Exercise directions >> Go through the data below and return each line containing the word "column".
^^^^^^^^^^^^^^^^
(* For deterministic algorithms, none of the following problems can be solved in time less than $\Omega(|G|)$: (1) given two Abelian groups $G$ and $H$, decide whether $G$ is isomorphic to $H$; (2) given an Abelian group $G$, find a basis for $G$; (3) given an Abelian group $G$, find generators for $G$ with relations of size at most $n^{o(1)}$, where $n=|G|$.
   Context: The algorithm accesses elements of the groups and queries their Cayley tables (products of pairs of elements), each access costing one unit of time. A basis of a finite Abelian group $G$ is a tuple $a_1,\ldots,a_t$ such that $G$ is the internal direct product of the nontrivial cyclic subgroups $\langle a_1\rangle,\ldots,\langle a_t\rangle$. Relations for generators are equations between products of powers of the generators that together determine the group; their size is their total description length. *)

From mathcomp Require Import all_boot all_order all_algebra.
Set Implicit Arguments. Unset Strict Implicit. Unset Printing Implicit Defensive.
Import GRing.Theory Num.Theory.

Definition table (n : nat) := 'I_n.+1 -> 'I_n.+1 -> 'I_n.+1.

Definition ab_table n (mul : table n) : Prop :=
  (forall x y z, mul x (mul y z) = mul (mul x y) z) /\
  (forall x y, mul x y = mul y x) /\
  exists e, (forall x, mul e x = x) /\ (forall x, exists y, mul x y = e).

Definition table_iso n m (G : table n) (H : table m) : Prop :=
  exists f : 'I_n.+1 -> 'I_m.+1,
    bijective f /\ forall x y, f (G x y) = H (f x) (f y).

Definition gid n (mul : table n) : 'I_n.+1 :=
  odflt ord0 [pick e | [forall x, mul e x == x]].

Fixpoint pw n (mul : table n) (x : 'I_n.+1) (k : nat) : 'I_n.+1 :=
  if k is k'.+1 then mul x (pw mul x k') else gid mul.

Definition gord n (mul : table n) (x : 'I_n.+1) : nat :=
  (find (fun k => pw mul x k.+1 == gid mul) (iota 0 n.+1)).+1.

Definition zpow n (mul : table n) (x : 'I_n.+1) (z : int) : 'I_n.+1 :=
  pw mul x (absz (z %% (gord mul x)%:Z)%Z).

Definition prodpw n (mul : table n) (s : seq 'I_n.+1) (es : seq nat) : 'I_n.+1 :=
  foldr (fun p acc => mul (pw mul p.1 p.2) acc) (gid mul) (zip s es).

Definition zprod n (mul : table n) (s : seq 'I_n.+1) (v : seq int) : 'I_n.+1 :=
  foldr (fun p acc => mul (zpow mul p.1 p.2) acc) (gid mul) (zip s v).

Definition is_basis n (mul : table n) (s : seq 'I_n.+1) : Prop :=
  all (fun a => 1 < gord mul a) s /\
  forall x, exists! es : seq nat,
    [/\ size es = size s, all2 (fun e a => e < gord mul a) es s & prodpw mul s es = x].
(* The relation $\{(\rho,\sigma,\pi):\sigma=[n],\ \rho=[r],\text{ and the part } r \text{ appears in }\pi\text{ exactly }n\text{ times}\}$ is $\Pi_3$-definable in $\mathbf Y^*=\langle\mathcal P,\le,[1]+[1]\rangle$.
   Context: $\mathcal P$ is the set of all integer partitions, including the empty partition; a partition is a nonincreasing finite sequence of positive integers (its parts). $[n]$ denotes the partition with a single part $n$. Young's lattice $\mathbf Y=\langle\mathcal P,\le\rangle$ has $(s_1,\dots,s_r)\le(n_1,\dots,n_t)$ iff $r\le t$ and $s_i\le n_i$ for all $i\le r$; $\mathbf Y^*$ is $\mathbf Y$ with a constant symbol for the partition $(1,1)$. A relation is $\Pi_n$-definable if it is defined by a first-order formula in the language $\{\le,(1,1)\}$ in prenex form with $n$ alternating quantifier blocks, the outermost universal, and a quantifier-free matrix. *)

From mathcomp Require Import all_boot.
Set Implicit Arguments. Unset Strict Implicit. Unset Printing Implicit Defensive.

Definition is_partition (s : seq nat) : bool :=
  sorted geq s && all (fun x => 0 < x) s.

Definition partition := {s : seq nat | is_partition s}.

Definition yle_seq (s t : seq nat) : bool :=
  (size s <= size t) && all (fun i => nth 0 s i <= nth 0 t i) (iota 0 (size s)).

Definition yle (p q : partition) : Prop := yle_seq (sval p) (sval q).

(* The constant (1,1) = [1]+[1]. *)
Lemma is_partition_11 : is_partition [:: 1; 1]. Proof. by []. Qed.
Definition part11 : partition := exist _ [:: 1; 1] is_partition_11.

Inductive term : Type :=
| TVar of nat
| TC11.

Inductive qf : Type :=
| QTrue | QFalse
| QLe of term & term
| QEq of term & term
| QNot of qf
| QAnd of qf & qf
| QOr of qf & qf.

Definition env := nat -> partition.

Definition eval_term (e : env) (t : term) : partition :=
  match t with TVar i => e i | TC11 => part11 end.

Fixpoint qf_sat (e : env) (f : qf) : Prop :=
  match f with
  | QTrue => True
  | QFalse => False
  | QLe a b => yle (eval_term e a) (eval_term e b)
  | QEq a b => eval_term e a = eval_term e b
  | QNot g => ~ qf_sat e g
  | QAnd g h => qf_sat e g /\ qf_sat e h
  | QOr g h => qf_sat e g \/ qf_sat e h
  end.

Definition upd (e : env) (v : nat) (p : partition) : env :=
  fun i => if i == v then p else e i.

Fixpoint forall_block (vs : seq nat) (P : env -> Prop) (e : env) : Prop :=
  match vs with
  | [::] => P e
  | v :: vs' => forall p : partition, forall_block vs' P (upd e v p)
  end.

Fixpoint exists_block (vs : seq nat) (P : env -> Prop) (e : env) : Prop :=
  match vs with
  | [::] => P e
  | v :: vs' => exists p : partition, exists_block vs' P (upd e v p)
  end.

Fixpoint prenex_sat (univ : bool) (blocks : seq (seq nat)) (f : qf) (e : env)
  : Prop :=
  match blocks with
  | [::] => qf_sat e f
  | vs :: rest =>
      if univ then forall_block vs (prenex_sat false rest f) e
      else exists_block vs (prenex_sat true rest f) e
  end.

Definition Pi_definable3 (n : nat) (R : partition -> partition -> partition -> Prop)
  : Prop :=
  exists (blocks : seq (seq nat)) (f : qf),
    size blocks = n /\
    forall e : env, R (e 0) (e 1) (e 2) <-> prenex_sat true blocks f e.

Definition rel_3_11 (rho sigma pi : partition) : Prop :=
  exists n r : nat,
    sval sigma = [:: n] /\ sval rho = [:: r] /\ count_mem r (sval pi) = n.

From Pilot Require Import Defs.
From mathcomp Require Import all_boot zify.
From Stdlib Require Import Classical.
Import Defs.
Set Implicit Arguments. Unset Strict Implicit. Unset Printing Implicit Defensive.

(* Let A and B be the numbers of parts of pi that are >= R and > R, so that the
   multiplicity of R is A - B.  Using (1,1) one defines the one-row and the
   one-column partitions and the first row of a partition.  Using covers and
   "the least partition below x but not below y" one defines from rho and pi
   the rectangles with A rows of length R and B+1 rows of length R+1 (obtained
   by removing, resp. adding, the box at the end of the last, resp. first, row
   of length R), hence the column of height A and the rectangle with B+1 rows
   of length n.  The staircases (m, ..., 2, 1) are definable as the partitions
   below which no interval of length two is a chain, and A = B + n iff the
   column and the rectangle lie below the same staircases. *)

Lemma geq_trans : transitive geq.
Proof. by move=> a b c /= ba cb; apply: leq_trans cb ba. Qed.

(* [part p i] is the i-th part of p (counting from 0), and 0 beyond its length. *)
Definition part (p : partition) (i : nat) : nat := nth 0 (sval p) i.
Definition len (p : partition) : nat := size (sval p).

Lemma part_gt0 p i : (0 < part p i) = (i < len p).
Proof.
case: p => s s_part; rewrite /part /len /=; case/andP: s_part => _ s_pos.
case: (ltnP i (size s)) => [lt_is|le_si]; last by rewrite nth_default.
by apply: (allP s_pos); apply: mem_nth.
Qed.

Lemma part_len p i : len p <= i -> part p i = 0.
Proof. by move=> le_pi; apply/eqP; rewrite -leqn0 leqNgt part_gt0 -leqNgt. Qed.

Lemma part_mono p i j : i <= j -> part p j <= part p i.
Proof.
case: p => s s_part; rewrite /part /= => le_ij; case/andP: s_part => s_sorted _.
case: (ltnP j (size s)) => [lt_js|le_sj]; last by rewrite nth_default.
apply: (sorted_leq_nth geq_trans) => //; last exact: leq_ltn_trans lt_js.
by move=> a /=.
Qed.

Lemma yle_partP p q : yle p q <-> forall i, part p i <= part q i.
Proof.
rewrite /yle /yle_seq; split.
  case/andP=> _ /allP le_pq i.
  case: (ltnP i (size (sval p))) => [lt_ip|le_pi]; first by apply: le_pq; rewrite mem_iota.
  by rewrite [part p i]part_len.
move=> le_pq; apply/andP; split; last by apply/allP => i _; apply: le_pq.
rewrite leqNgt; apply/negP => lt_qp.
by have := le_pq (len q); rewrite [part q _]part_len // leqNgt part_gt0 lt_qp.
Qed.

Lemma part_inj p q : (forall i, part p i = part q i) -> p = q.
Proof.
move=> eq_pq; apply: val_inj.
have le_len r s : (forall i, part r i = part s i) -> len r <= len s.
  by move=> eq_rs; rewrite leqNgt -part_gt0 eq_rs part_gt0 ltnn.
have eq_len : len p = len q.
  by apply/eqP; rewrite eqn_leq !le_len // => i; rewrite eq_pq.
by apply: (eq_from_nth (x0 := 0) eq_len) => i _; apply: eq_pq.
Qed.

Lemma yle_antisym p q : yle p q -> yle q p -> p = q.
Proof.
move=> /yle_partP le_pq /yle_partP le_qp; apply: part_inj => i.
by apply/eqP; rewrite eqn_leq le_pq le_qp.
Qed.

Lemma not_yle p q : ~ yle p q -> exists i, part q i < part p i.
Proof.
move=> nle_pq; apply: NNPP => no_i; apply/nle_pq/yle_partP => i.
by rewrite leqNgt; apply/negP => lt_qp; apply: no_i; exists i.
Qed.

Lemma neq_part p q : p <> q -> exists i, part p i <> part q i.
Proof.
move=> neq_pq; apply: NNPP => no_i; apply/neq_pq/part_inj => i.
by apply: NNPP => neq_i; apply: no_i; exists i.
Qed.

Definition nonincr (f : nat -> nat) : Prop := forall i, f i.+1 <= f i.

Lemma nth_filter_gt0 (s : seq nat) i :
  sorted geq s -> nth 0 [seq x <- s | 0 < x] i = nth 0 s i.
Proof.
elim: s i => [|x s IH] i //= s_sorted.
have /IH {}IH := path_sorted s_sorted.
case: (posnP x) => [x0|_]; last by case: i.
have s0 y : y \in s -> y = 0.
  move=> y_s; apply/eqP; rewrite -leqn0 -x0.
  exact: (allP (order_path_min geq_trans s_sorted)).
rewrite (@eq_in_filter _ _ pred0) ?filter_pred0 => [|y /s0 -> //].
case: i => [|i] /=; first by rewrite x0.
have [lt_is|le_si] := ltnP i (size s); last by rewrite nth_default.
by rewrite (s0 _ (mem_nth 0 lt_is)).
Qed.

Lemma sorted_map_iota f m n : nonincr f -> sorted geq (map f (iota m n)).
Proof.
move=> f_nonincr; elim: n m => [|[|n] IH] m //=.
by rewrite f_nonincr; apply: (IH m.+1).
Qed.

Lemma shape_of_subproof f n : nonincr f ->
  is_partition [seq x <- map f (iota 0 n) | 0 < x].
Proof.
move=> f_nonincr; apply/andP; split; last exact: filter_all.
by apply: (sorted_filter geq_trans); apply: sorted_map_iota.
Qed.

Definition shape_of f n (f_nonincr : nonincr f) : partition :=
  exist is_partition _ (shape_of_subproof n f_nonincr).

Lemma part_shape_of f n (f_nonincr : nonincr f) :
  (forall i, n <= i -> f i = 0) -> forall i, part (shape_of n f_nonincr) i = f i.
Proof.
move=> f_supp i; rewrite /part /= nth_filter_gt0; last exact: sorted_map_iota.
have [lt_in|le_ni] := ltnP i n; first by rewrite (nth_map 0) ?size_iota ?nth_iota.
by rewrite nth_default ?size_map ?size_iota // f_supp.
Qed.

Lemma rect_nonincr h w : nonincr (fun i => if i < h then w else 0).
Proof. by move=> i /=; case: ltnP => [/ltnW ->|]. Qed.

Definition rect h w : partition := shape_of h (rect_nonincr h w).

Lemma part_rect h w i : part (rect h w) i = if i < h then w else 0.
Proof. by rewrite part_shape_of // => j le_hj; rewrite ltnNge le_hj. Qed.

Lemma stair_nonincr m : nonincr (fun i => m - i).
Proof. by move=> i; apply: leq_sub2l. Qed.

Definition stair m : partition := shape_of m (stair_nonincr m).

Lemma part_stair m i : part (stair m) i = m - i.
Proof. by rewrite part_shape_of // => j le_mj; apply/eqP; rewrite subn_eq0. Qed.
^^^^^^^^^^^^^^^^
Solved exercise >>
   one-column partitions and the first row of a partition.  Using covers and
   of length R), hence the column of height A and the rectangle with B+1 rows
   column and the rectangle lie below the same staircases. *)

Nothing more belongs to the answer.